■ Records for this exercise
Definition l1norm (x : zpt d) : R := \sum_(i < d) `|(x ord0 i)%:~R|.

Lemma l1norm_ge0 x : 0 <= l1norm x.
Proof. exact: sumr_ge0. Qed.

Lemma l1norm0 : l1norm 0 = 0.
Proof. by rewrite /l1norm big1 // => i _; rewrite mxE normr0. Qed.

Lemma l1normD x y : l1norm (x + y) <= l1norm x + l1norm y.
Proof.
by rewrite /l1norm -big_split; apply: ler_sum => i _; rewrite mxE intrD ler_normD.
Qed.

Lemma l1normN x : l1norm (- x) = l1norm x.
Proof. by apply: eq_bigr => i _; rewrite mxE intrN normrN. Qed.

Lemma l1norm_evec i : l1norm (evec i) = 1.
Proof.
rewrite /l1norm (bigD1 i) //= big1 ?addr0 => [|j /negPf ji].
  by rewrite mxE eqxx normr1.
by rewrite mxE eq_sym ji normr0.
Qed.

Lemma enorm_le_l1norm x : enorm R x <= l1norm x.
Proof.
rewrite /enorm -(ger0_norm (l1norm_ge0 x)) -sqrtr_sqr ler_sqrt ?sqr_ge0 //.
exact: sum_sqr_le_sqr_sum_norm.
Qed.

End L1Norm.

Section NearestNeighbourPaths.
Variables (R : realType) (d : nat).
Implicit Types (x y : zpt d) (s : bond d * bool) (q : seq (bond d * bool)).

Lemma osrc_add_otgt s : osrc s + otgt s = xb s.1 + yb s.1.
Proof. by rewrite /osrc /otgt; case: s.2; rewrite // addrC. Qed.

Lemma l1norm_otgtB_osrc s : l1norm R (otgt s - osrc s) = 1.
Proof.
rewrite /osrc /otgt /yb /xb; case: s.2.
  by rewrite addrAC subrr add0r l1norm_evec.
by rewrite opprD addrA subrr add0r l1normN l1norm_evec.
Qed.

Lemma nn_path_cat x q1 q2 y :
  nn_path x (q1 ++ q2) y <-> exists m, nn_path x q1 m /\ nn_path m q2 y.
Proof.
elim: q1 x => [|s q1 IH] x /=.
  by split => [h|[m [-> h]]]; first by exists x.
split => [[xs /IH [m [h1 h2]]]|[m [[xs h1] h2]]]; first by exists m.
by split => //; apply/IH; exists m.
Qed.

Lemma l1norm_nn_path_le x q y : nn_path x q y -> l1norm R (y - x) <= (size q)%:R.
Proof.
elim: q x => [|s q IH] x /= => [->|[<- sq]]; first by rewrite subrr l1norm0.
rewrite -(addrNK (otgt s) y) -addrA mulrSr.
apply: le_trans (l1normD R _ _) _; rewrite l1norm_otgtB_osrc lerD2r.
exact: IH.
Qed.

Lemma l1norm_nn_path_bond_le x q y s : nn_path x q y -> s \in q ->
  l1norm R (x + y - (xb s.1 + yb s.1)) + 1 <= (size q)%:R.
Proof.
elim: q x => [|s0 q IH] x //= [<- hq]; rewrite in_cons mulrSr => /predU1P[->|sq].
  rewrite -osrc_add_otgt [osrc s0 + y]addrC opprD addrA addrK lerD2r.
  exact: l1norm_nn_path_le hq.
have -> : osrc s0 + y - (xb s.1 + yb s.1) =
          (osrc s0 - otgt s0) + (otgt s0 + y - (xb s.1 + yb s.1)).
  by rewrite !addrA addrNK.
apply: le_trans (lerD (l1normD R _ _) (lexx 1)) _.
by rewrite -opprB l1normN l1norm_otgtB_osrc -addrA [1 + _]addrC lerD2r IH.
Qed.

Lemma normB_le_nn_path (u : zpt d -> R) x q y :
  nn_path x q y -> `|u y - u x| <= \sum_(s <- q) `|grad u s.1|.
Proof.
elim: q x => [|s q IH] x /= => [->|[<- hq]]; first by rewrite subrr normr0 big_nil.
rewrite big_cons -(subrKA (u (otgt s))) addrC.
apply: le_trans (ler_normD _ _) _; rewrite lerD ?IH //.
by rewrite /osrc /otgt /grad; case: s.2; rewrite // distrC.
Qed.

End NearestNeighbourPaths.

Lemma nonuniq_map_split (T U : eqType) (f : T -> U) (s : seq T) : ~~ uniq (map f s) ->
  exists s1 s2 s3 t1 t2, s = s1 ++ t1 :: s2 ++ t2 :: s3 /\ f t1 = f t2.
Proof.
elim: s => [|t s IH] //=; rewrite negb_and negbK => /orP[/mapP [t2 t2s ft]|/IH].
  by case/splitPr: t2s => s2 s3; exists [::], s2, s3, t, t2.
by move=> [s1 [s2 [s3 [t1 [t2 [-> ft]]]]]]; exists (t :: s1), s2, s3, t1, t2.
Qed.

Section LoopErasure.
Variable d : nat.
Implicit Types (x y : zpt d) (s : bond d * bool) (q : seq (bond d * bool)).

(* A bond used twice closes a loop: if both traversals go the same way, skip
   from the first to the second; otherwise both traversals can be dropped. *)
Lemma nn_path_shortcut x q1 s1 q2 s2 q3 y : s1.1 = s2.1 ->
  nn_path x (q1 ++ s1 :: q2 ++ s2 :: q3) y ->
  nn_path x (q1 ++ s2 :: q3) y \/ nn_path x (q1 ++ q3) y.
Proof.
move=> e12 /nn_path_cat [m [h1 /= [src1 /nn_path_cat [_ [_ /= [_ h3]]]]]].
have [same|opp] := eqVneq s1.2 s2.2.
  left; apply/nn_path_cat; exists m; split => //=; split => //.
  by rewrite -src1 /osrc same e12.
right; apply/nn_path_cat; exists m; split => //; rewrite -src1.
by move: opp h3; rewrite /osrc /otgt e12; case: s1.2; case: s2.2.
Qed.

■ Exercise
Once the line with "by rewrite -opprB" is found in the records above, print exactly that line and every line after it through the line with "by rewrite /osrc /otgt /grad;".

■ Answer box
by rewrite -opprB l1normN l1norm_otgtB_osrc -addrA [1 + _]addrC lerD2r IH.
Qed.

Lemma normB_le_nn_path (u : zpt d -> R) x q y :
  nn_path x q y -> `|u y - u x| <= \sum_(s <- q) `|grad u s.1|.
Proof.
elim: q x => [|s q IH] x /= => [->|[<- hq]]; first by rewrite subrr normr0 big_nil.
rewrite big_cons -(subrKA (u (otgt s))) addrC.
apply: le_trans (ler_normD _ _) _; rewrite lerD ?IH //.
by rewrite /osrc /otgt /grad; case: s.2; rewrite // distrC.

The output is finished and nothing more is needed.